I decided to message her.
Reed: Judging from how you just waltzed by my office, your ankle seems to be a lot better. I’m guessing you won’t need a ride tomorrow.
Charlotte: LOL. I thought you were supposed to be at a lunch meeting on the Upper West Side.
Reed: Cancelled.
Charlotte: Ah, well, yes, I am doing much better. The rides into the office have been very helpful. While I’ve enjoyed your charming morning personality, you’re right. I think I can fend for myself now. The recovery time has far exceeded my expectations.
Reed: It’s far exceeded mine as well, so much so that it seems totally unbelievable. In any case, glad to see you’re feeling better. I guess now you can fetch my dry cleaning. I have some shirts that need picking up from Union Street Cleaners.
Even though menial tasks like getting coffee were part of Charlotte’s technical job description, we rarely asked her to do things like that anymore. Most of her responsibilities kept her in the office or at showings. Her role in the company was expanding. So I was totally messing with her in asking her to pick up my dry cleaning.
Charlotte: I’d be happy to pick up your shirts. Are they ready?
Reed: I was just kidding. I can pick up my own dry cleaning. You don’t need to do that.
Charlotte: Oh.
A few moments later, she appeared at my door. Her face was flushed, and she seemed like she had something major on her mind. “Can I come in?”
“You don’t have to ask.” I could see that Charlotte was definitely nervous. I took off my glasses and placed them on the desk. “What’s up?”
She closed the door, and her heels clicked as she slowly approached my desk.

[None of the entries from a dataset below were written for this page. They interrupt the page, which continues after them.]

Definition is_chain (O : attack) (C : {set N}) : bool :=
  (C \subset O.1) &&
  [forall a in C, forall b in C, (a != b) ==> (((a, b) \in O.2) || ((b, a) \in O.2))].

Definition is_maxchain (O : attack) (C : {set N}) : bool :=
  is_chain O C && [forall C' : {set N}, is_chain O C' ==> ~~ (C \proper C')].

Local Open Scope ereal_scope.
Variable R : realType.

(* durations may be +oo (needed for d^v); t(O,d) = max over maximal chains *)
Definition attack_time (O : attack) (d : N -> \bar R) : \bar R :=
  \big[Order.max/-oo]_(C : {set N} | is_maxchain O C) (\sum_(a in C) d a).

Definition min_time (d : N -> \bar R) : \bar R :=
  \big[Order.min/+oo]_(O : attack | successful O) attack_time O d.

Definition is_module (v : N) : Prop :=
  ~~ is_bas (typ T v) /\
  (forall x p, desc v x -> x != v -> edge p x -> desc v p).

End DAT.

Section Constructions.
Variable N : finType.
Variable T : dat N.
Variable v : N.

Definition subN := {x : N | desc T v x}.
Definition sub_root : subN := exist _ v (connect0 _ v).
Definition subdat : dat subN :=
  Dat (fun x : subN => pmap insub (ch T (val x)))
      (fun x : subN => typ T (val x)) sub_root.

Definition keep (x : N) : bool := (x == v) || ~~ desc T v x.
Definition quotN := {x : N | keep x}.
Lemma keep_v : keep v. Proof. by rewrite /keep eqxx. Qed.
Definition vtilde : quotN := exist _ v keep_v.
Definition quotdat : dat quotN :=
  Dat (fun x : quotN => if val x == v then [::] else pmap insub (ch T (val x)))
      (fun x : quotN => if val x == v then BAS else typ T (val x))
      (insubd vtilde (root T)).

Variable R : realType.
Local Open Scope ereal_scope.
Definition quotdur (d : N -> R) : quotN -> \bar R :=
  fun x => if val x == v then min_time (subdat) (fun y : subN => (d (val y))%:E)
           else (d (val x))%:E.
End Constructions.

Arguments subdat {N} T v.
Arguments quotdat {N} T v.
Arguments quotdur {N} T v {R} d _.

From Pilot Require Import Defs.
From HB Require Import structures.
From mathcomp Require Import all_boot all_order all_algebra.
From mathcomp Require Import reals constructive_ereal.
Set Implicit Arguments. Unset Strict Implicit. Unset Printing Implicit Defensive.
Import Order.TTheory GRing.Theory Num.Theory.

(* Because v is a module, every path from outside T_v into T_v enters through v.
   Hence an attack O on T splits into its trace on B_v and the rest.  Collapsing
   the trace to the single BAS ṽ (attacked iff O reaches v, and ordered like all
   attacked BASes below v) gives an attack on T^v that reaches the root; each of
   its chains lifts to a chain of O in which ṽ is replaced by a chain of the
   trace, which weighs at least mt(T_v).  Conversely, an attack on T^v is expanded
   by substituting an optimal attack on T_v for ṽ, and each chain of the
   expansion projects to a chain of the original attack in which the part inside
   T_v weighs at most mt(T_v).  With nonnegative durations every chain extends to
   a maximal chain of no smaller weight, so both constructions do not increase the
   attack time. *)

Lemma homo_connect (T1 T2 : finType) (e1 : rel T1) (e2 : rel T2) (f : T1 -> T2) :
  {homo f : x y / e1 x y >-> e2 x y} ->
  {homo f : x y / connect e1 x y >-> connect e2 x y}.
Proof.
move=> fe x _ /connectP[p + ->]; elim: p x => [|y p IH] x /=; first by rewrite connect0.
by case/andP=> /fe exy /IH; apply: connect_trans (connect1 exy).
Qed.

Lemma map_val_pmap_insub (X : Type) (P : pred X) (sT : subType P) (s : seq X) :
  map val (pmap (insub : X -> option sT) s) = filter P s.
Proof.
elim: s => [|x s IH] //=; case: insubP => [u Px vu|/negbTE nPx] /=.
  by rewrite Px vu IH.
by rewrite nPx.
Qed.

Section Reach.
Variables (N : finType) (T : dat N).

Definition reach_step (f : N -> bool) (O : attack N) (u : N) : bool :=
  match typ T u with
  | BAS => u \in O.1
  | OR => has f (ch T u)
  | AND => all f (ch T u)
  | SAND => all f (ch T u) && sorted (sand_rel T O) (ch T u)
  end.

Lemma desc_refl x : desc T x x.
Proof. exact: connect0. Qed.

Lemma reachfS O k u : reachf T O k.+1 u = reach_step (reachf T O k) O u.
Proof. by []. Qed.

Lemma reach_step_mono (f g : N -> bool) O u :
  (forall c, c \in ch T u -> f c -> g c) -> reach_step f O u -> reach_step g O u.
Proof.
move=> fg; rewrite /reach_step; case: (typ T u) => //.
- by case/hasP=> c cu fc; apply/hasP; exists c => //; apply: fg.
- by move/allP=> fu; apply/allP=> c cu; apply: fg (fu c cu).
- by case/andP=> /allP fu ->; rewrite andbT; apply/allP=> c cu; apply: fg (fu c cu).
Qed.

Lemma reachf_succ O k u : reachf T O k u -> reachf T O k.+1 u.
Proof.
elim: k u => // k IH u.
by rewrite reachfS [reachf _ _ k.+2 _]reachfS; apply: reach_step_mono => c _ /IH.
Qed.

Lemma reachf_le O j k u : j <= k -> reachf T O j u -> reachf T O k u.
Proof.
move/subnKC <-; elim: (k - j) => [|i IH]; first by rewrite addn0.
by rewrite addnS => /IH /reachf_succ.
Qed.

Lemma Bset_desc_sub x y : desc T x y -> Bset T y \subset Bset T x.
Proof.
move=> dxy; apply/subsetP=> a; rewrite !inE => /andP[dya ->].
by rewrite andbT; apply: connect_trans dxy dya.
Qed.

Lemma reachf_attacked_bas O k u :
  (forall x, is_bas (typ T x) = (ch T x == [::])) ->
  reachf T O k u -> exists2 a, a \in O.1 & a \in Bset T u.
Proof.
move=> leaf; elim: k u => // k IH u; rewrite reachfS /reach_step.
have from_child c : c \in ch T u -> reachf T O k c ->
    exists2 a, a \in O.1 & a \in Bset T u.
  move=> cu /IH[a aO aB]; exists a => //.
  exact: subsetP (Bset_desc_sub (connect1 cu)) _ aB.
have from_first : ~~ is_bas (typ T u) -> all (reachf T O k) (ch T u) ->
    exists2 a, a \in O.1 & a \in Bset T u.
  rewrite leaf; case: (ch T u) from_child => //= c s fc _ /andP[rc _].
  exact: fc (mem_head c s) rc.
case E: (typ T u).
- by move=> uO; exists u; rewrite // inE desc_refl E.
- by case/hasP=> c; apply: from_child.
- by apply: from_first; rewrite E.
- by case/andP=> + _; apply: from_first; rewrite E.
Qed.

Section Acyclic.
Hypothesis acyclic : forall x y, edge T x y -> ~~ desc T y x.

Lemma desc_anti x y : desc T x y -> desc T y x -> x = y.
Proof.
case/connectP=> [[|z p] //= /andP[exz zp] ->] dyx.
have dzy : desc T z (last z p) by apply/connectP; exists p.
by move: (acyclic exz); rewrite /desc (connect_trans dzy dyx).
Qed.

Definition ndesc u := #|[set x | desc T u x]|.

Lemma ndesc_edge u c : edge T u c -> ndesc c < ndesc u.
Proof.
move=> euc; apply/proper_card/properP; split.
  by apply/subsetP=> x; rewrite !inE; apply: connect_trans (connect1 euc).
by exists u; rewrite inE ?acyclic ?desc_refl.
Qed.

Lemma reachf_ndesc O k u : ndesc u <= k -> reachf T O k.+1 u = reachf T O k u.
Proof.
elim: k u => [|k IH] u.
  by rewrite leqn0 /ndesc cards_eq0 => /eqP/setP/(_ u); rewrite !inE desc_refl.
move=> uk; rewrite reachfS [reachf _ _ k.+1 _]reachfS.
have eq_ch : {in ch T u, reachf T O k.+1 =1 reachf T O k}.
  by move=> c cu; apply/IH; rewrite -ltnS (leq_trans (ndesc_edge cu)).
by apply/idP/idP; apply: reach_step_mono => c cu; rewrite eq_ch.
Qed.

Lemma reachf_fuel O k u : #|N| <= k -> reachf T O k u = reaches T O u.
Proof.
have stable j : reachf T O (ndesc u + j) u = reachf T O (ndesc u) u.
  by elim: j => [|j IH]; rewrite ?addn0 // addnS reachf_ndesc ?leq_addr.
move=> Nk; have uN : ndesc u <= #|N| by apply: max_card.
by rewrite -(subnKC (leq_trans uN Nk)) /reaches -(subnKC uN) !stable.
Qed.

Lemma reachesE O u : reaches T O u = reach_step (reaches T O) O u.
Proof. by rewrite -(reachf_fuel _ _ (leqnSn _)). Qed.

Lemma reachf_reaches O k u : reachf T O k u -> reaches T O u.
Proof. by move/(reachf_le (leq_addr #|N| k)); rewrite reachf_fuel ?leq_addl. Qed.

End Acyclic.
End Reach.

Section Attack.
Variables (N : finType) (T : dat N) (O : attack N).
Hypothesis HO : is_attack T O.

Lemma attacked_bas a : a \in O.1 -> is_bas (typ T a).
Proof. by case/and4P: HO => /subsetP sub _ _ _ /sub; rewrite inE. Qed.

Lemma prec_attacked a b : (a, b) \in O.2 -> (a \in O.1) && (b \in O.1).
Proof. by case/and4P: HO => _ /forallP /(_ (a, b)) /implyP. Qed.

Lemma prec_irrefl a : (a, a) \notin O.2.
Proof. by case/and4P: HO => _ _ /forallP. Qed.
(* Let $\Sigma\subset\mathbb{R}^{n+1}$ be a pure, hereditary, $(n+1)$-dimensional fan with smoothness parameters $\alpha$, let $\Sigma'\subseteq\Sigma$ be a subfan, and let $W\subseteq\mathbb{R}^{n+1}$ be a linear subspace with $W\subseteq\bigcap_{\tau\in\Sigma_n\setminus\Sigma'_n}\mathrm{aff}(\tau)$. Then for every $i$, every associated prime $P$ of the $S$-module $H_i(\mathcal{R}/\mathcal{J}[\Sigma,\Sigma'])$ satisfies $P\subseteq I(W)$.
   Context: $S=\mathbb{R}[x_0,\ldots,x_n]$; $I(W)$ is the ideal of polynomials vanishing on $W$. A cone is the positive hull of finitely many vectors, of dimension that of its linear span $\mathrm{aff}(\gamma)$; a fan is a finite set of cones closed under faces, any two meeting in a common face; $\Sigma_i$ = $i$-dim cones, facets = maximal cones; pure: all facets of dim $n+1$; hereditary: for every face $\psi$ the graph on facets containing $\psi$ with edges for pairs meeting in an $n$-face is connected; $\partial\Sigma$ = subfan of faces contained in an $n$-face lying in exactly one facet; others interior. $l_\tau$ generates the ideal of $\mathrm{aff}(\tau)$. Smoothness parameters: integers $\alpha(\tau)\ge-1$ ($\tau\in\Sigma_n$), $\ge0$ on interior $\tau$; $\Sigma^{-1}$ = subfan of $\partial\Sigma$ of cones contained in some $\tau$ with $\alpha(\tau)=-1$; $J(\tau)=\langle l_\tau^{\alpha(\tau)+1}\rangle$ for $\tau\in\Sigma_n\setminus\Sigma^{-1}_n$, $J(\gamma)=\sum_{\tau\in\Sigma_n\setminus\Sigma^{-1}_n,\gamma\subseteq\tau}J(\tau)$ for non-facets, $J(\sigma)=0$ for facets. With $u_\rho$ unit ray generators, $P(\gamma)=\mathrm{conv}(\{0\}\cup\{u_\rho:\rho\subseteq\gamma\})$, $\mathrm{lk}(\gamma)=\mathrm{conv}\{u_\rho\}$; $\mathcal{R}[\Sigma,\Sigma']_i=\bigoplus_{\gamma\in\Sigma_i\setminus\Sigma'_i}S$ with differential the cellular boundary of the relative cellular chain complex of $(P(\Sigma),\mathrm{lk}(\Sigma)\cup P(\Sigma'))$ with $S$ coefficients; $\mathcal{R}/\mathcal{J}[\Sigma,\Sigma']_i=\bigoplus_{\gamma\in\Sigma_i\setminus\Sigma'_i}S/J(\gamma)$ is the induced quotient complex. *)

From HB Require Import structures.
From mathcomp Require Import all_boot all_order all_algebra.
From mathcomp Require Import boolp reals.
From mathcomp Require Import mpoly.
From Stdlib Require Import Relations.

Set Implicit Arguments.
Unset Strict Implicit.
Unset Printing Implicit Defensive.

Import Order.TTheory GRing.Theory Num.Theory.
Local Open Scope ring_scope.

Section FanDefs.
Variable R : realType.
Variable n : nat.

Notation vec := 'rV[R]_(n.+1).
Notation S := {mpoly R[n.+1]}.

Definition dotv (x y : vec) : R := (x *m y^T) 0 0.

Definition in_cone (gs : seq vec) (x : vec) : Prop :=
  exists c : 'I_(size gs) -> R,
    (forall j, 0 <= c j) /\ x = \sum_(j < size gs) c j *: nth 0 gs j.

(* matrix whose rows are the generators: its row space is aff(gamma) *)
Definition conemx (gs : seq vec) : 'M[R]_(size gs, n.+1) :=
  \matrix_(i < size gs, j < n.+1) (nth 0 gs i) 0 j.

Definition in_aff (gs : seq vec) (x : vec) : Prop := (x <= conemx gs)%MS.

Definition cdim (gs : seq vec) : nat := \rank (conemx gs).

Variable I : finType.
Variable gens : I -> seq vec.

Definition subc (a b : I) : Prop :=
  forall x, in_cone (gens a) x -> in_cone (gens b) x.

Definition is_face_of (c a : I) : Prop :=
  exists w : vec, (forall x, in_cone (gens a) x -> 0 <= dotv w x) /\
    (forall x, in_cone (gens c) x <-> (in_cone (gens a) x /\ dotv w x = 0)).

(* Sigma = { cone (gens a) | a : I } is a fan of pointed cones,
   listed without repetition *)
Definition is_fan : Prop :=
  [/\ (forall a b, (forall x, in_cone (gens a) x <-> in_cone (gens b) x) -> a = b),
      (forall a x, in_cone (gens a) x -> in_cone (gens a) (- x) -> x = 0),
      (forall a (w : vec), (forall x, in_cone (gens a) x -> 0 <= dotv w x) ->
         exists b, forall x, in_cone (gens b) x <->
                             (in_cone (gens a) x /\ dotv w x = 0)) &
      (forall a b, exists c,
         (forall x, in_cone (gens c) x <-> (in_cone (gens a) x /\ in_cone (gens b) x))
         /\ is_face_of c a /\ is_face_of c b)].

Definition fdim (a : I) : nat := cdim (gens a).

“Is everything alright, Charlotte?”
“Yes.” She rubbed her palms on her skirt. “I’m just nervous to ask you something. But I told myself that I was going to do it anyway.”
“Okay . . .”
“I was wondering . . . if you would like to . . . well . . .”
“Just say it.”
Charlotte looked down at her feet. “Lately, I’ve been telling myself that I’m going to make more of an effort to go after what I want in life, take the bull by the horns, if you will. And, well . . . I really like your company. I was wondering if you would want to go out with me sometime outside of work?” She let out a long breath. “On a date.”
It felt like all my breath left my body.
I. Was. Not. Expecting. That.
Charlotte was asking me out on a date.
She was insane. And ballsy. And so fucking adorable.
And I wanted to say yes. God, how I wanted to say yes more than anything I’d wanted in a very long time.
But I knew that I couldn’t lead her on, as much as I enjoyed spending time with her. As much as being around her made me happy. As goddamn beautiful as I thought she was.
My lack of response caused her to backtrack. “Oh my God, Reed. Forget I said anything. It was just an impulsive thing. I really enjoyed our time together this week, and I find you . . . very attractive . . . and you sometimes look at me like you might feel the same and that whole thong experience in my office that one night . . . it was weird yet sexy . . . and I just thought that maybe—”
“I can’t, Charlotte. I’m sorry. I just can’t date anyone right now. The reasons are too complicated to get into. But my saying no has everything to do with me and absolutely nothing to do with you. I think you’re remarkable. You need to know that.”
“Okay.” She just kept nodding repeatedly. “Okay. Can we forget I asked this, then?”
“Totally forgotten.”
She turned around and basically fled.
After she left my office, my heart felt like it had been ripped out of my chest. What she’d just done took a hell of a lot of guts. I knew that no matter what I said, she would somehow take it personally, and that killed me. I felt awful. She couldn’t possibly know how badly I wished I could’ve said yes.
And her boldness . . . that was so damn hot. Knowing she wanted me made it even harder to accept that I wasn’t going to be able to have her.
As the afternoon wore on, I couldn’t stop obsessing about having hurt Charlotte in some way. I wondered if there was a work-around, if there were a way I could spend time with her outside of work but where it wouldn’t be perceived as a date.
Deep down, I knew I was bullshitting myself. But if I never put myself in a position where I was alone with her, what would be the harm in spending some time with her?